Elusive as the total number of open access or freely available articles is, there are a number of indicators of strong growth in open access articles. As of December 2010, I will begin tracking Mendeley, as this is a popular service that appears to be growing quickly. This relatively new service already includes close to 300,000 fulltext articles.

        Several archives are tracked separately, illustrating the growth in open access articles available through OA archives. The total number for PubMedCentral (close to 2 million as of December 2010) is taken from ROAR, even though this number is an underestimate, for comparison purposes. PMC data is tracked in depth (see the second tab on the spreadsheet), in total and by NIH funding (for external and internal researchers and in total), and by time. This provides a very rough estimate of the success of the NIH Public Access policy, from a public view-point.
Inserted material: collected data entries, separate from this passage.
Lemma cont_scaled_dist x c : 0 <= c -> cont d (scaled_dist x c).
Proof. by move=> c_ge0; apply/cont_scalar_fun/rcont_scaled_dist. Qed.

Lemma supnorm_le a (K : R) : (forall z, alg_norm (a z) <= K) -> (supnorm a <= K%:E)%E.
Proof. by move=> aK; apply: ge_ereal_sup => _ [z ->]; rewrite lee_fin. Qed.

Lemma lipc_le1P (nn : A -> R) a :
  (lipc d nn a <= 1)%E <-> forall x y, x <> y -> nn (alg_sub (a x) (a y)) <= d x y.
Proof.
split=> [lip x y xy | lip].
  have : ((nn (alg_sub (a x) (a y)) / d x y)%:E <= 1)%E.
    by apply: le_trans lip; apply: ereal_sup_ubound; exists x, y.
  by rewrite lee_fin ler_pdivrMr ?d_gt0 // mul1r.
apply: ge_ereal_sup => _ [x [y [xy ->]]].
by rewrite lee_fin ler_pdivrMr ?d_gt0 // mul1r lip.
Qed.

Lemma lipc_scalar_fun_le1 (nn : A -> R) (M : R) g :
  is_alg_norm nn -> 0 < M -> (forall b, M * nn b <= alg_norm b) ->
  (forall z w, `|g z - g w| <= M * d z w) -> (lipc d nn (scalar_fun g) <= 1)%E.
Proof.
move=> hnn M_gt0 hM g_lip; apply/lipc_le1P => z w _.
rewrite alg_sub_scalar rCB nn_alg_scalar //.
apply: le_trans (ler_wpM2l (normr_ge0 _) (norm_alg_one_le M_gt0 hM)) _.
by rewrite ler_pdivrMr // mulrC g_lip.
Qed.

Section States.
Variable mu : (X -> A) -> R[i].
Hypothesis hmu : is_state d mu.

Lemma state_scalar_fun_ge0 g : rcont d g -> (forall z, 0 <= g z) ->
  0 <= mu (scalar_fun g).
Proof.
move=> g_cont g_ge0; case: hmu => _ _ mu_pos _.
pose h := scalar_fun (Num.sqrt \o g).
have -> : scalar_fun g = fun z => alg_mul (alg_adj (h z)) (h z).
  apply: funext => z; rewrite /h /scalar_fun alg_adj_scalar_real alg_mul_scalar.
  by rewrite !rCE -rmorphM /= -expr2 sqr_sqrtr.
by apply/mu_pos/cont_scalar_fun; exact: rcont_sqrt.
Qed.

Lemma state_scalar_funB (B : R) g : rcont d g ->
  mu (scalar_fun (fun z => B - g z)) = rC B - mu (scalar_fun g).
Proof.
move=> g_cont; case: hmu => mu_add mu_scale _ mu_one.
have := mu_add _ _ (cont_scalar_fun (rcontB B g_cont)) (cont_scalar_fun g_cont).
have -> : (fun z => alg_add (scalar_fun (fun z => B - g z) z) (scalar_fun g z)) =
          (fun _ => alg_scale (rC B) (alg_one R m)).
  by apply: funext => z; rewrite /scalar_fun alg_add_scalar !rCE -rmorphD /= subrK.
rewrite mu_scale; last exact: cont_cst.
by rewrite mu_one mulr1 => ->; rewrite addrK.
Qed.

Lemma state_scalar_fun_range g (B : R) : rcont d g -> (forall z, 0 <= g z <= B) ->
  exists2 t, mu (scalar_fun g) = rC t & 0 <= t <= B.
Proof.
move=> g_cont g_range.
have g_ge0 z : 0 <= g z by case/andP: (g_range z).
have Bg_ge0 z : 0 <= B - g z by case/andP: (g_range z); rewrite subr_ge0.
have := state_scalar_fun_ge0 (rcontB B g_cont) Bg_ge0.
rewrite state_scalar_funB // subr_ge0.
move: (state_scalar_fun_ge0 g_cont g_ge0).
(* the order of R[i] only compares complex numbers with equal imaginary parts *)
case: (mu (scalar_fun g)) => t s; rewrite !lecE /= => /andP [/eqP -> t_ge0] /andP [_ t_leB].
by exists t; rewrite ?t_ge0.
Qed.

End States.
End ScalarFunctions.

Arguments scaled_dist {R X} d {n m} x c.

Section MongeKantorovich.
Variables (R : realType) (X : Type) (d : X -> X -> R) (n : nat) (m : 'I_n.+1 -> nat).
Variables (nn : alg R m -> R) (phi : alg R m -> R[i]) (x y : X).
Hypothesis hd : is_metric d.

Lemma mk_Delta_le L (N : R) : 0 <= N -> (forall a, alg_norm a <= N * nn a) ->
  (forall a b, phi (alg_sub a b) = phi a - phi b) ->
  (forall a, cabs (phi a) <= alg_norm a) ->
  (forall a, (lipc d nn a <= L a)%E) ->
  (mk d L (Delta phi x) (Delta phi y) <= (N * d x y)%:E)%E.
Proof.
move=> N_ge0 hN phiB phi_le lipc_le; apply: ge_ereal_sup => _ [a [_ _ La ->]].
rewrite lee_fin /Delta; have [<-|xy] := pselect (x = y).
  by rewrite subrr cabs0 d_xx // mulr0.
have /(lipc_le1P hd) a_lip := le_trans (lipc_le a) La.
rewrite -phiB; apply: le_trans (phi_le _) _; apply: le_trans (hN _) _.
by rewrite ler_wpM2l // a_lip.
Qed.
In December 2010, I began to add some preliminary data for CIHR and Wellcome Trust, as small indicators of the value to all of expanding PMC internationally, as well as total OA articles in PMC. arXiv http://arxiv.org/ and RePEc http://www.repec.org/ both represent relatively well-established, mature archives; E-LIS http://eprints.rclis.org/ is included as the major archive for LIS.

        Open access policy

        Data are taken from the Registry of Open Access Material Archiving Policies (ROARMAP) http://www.eprints.org/openaccess/policysignup/.  ROARMAP relies on self-reporting, and so policy numbers may be understated; this is probably the case with theses open access mandate policies.

        Open data

        Open data (to scholarly research data, government data) is closely related to the open access movement, and also appears to be growing rapidly. The number of journal open data policies in the Open Access Directory is included as of December 2010. Other macro level metrics for open data is one area for possible future exploration.

        Data, commentary and review

        Data is provided for downloading from the Dramatic Growth of Open Access Dataverse http://dvn.iq.harvard.edu/dvn/dv/dgoa (courtesy of Harvard), and posted to Google docs for easy viewing. Each issue includes a full data edition and a show growth edition (generally illustrating growth over the previous quarter and year).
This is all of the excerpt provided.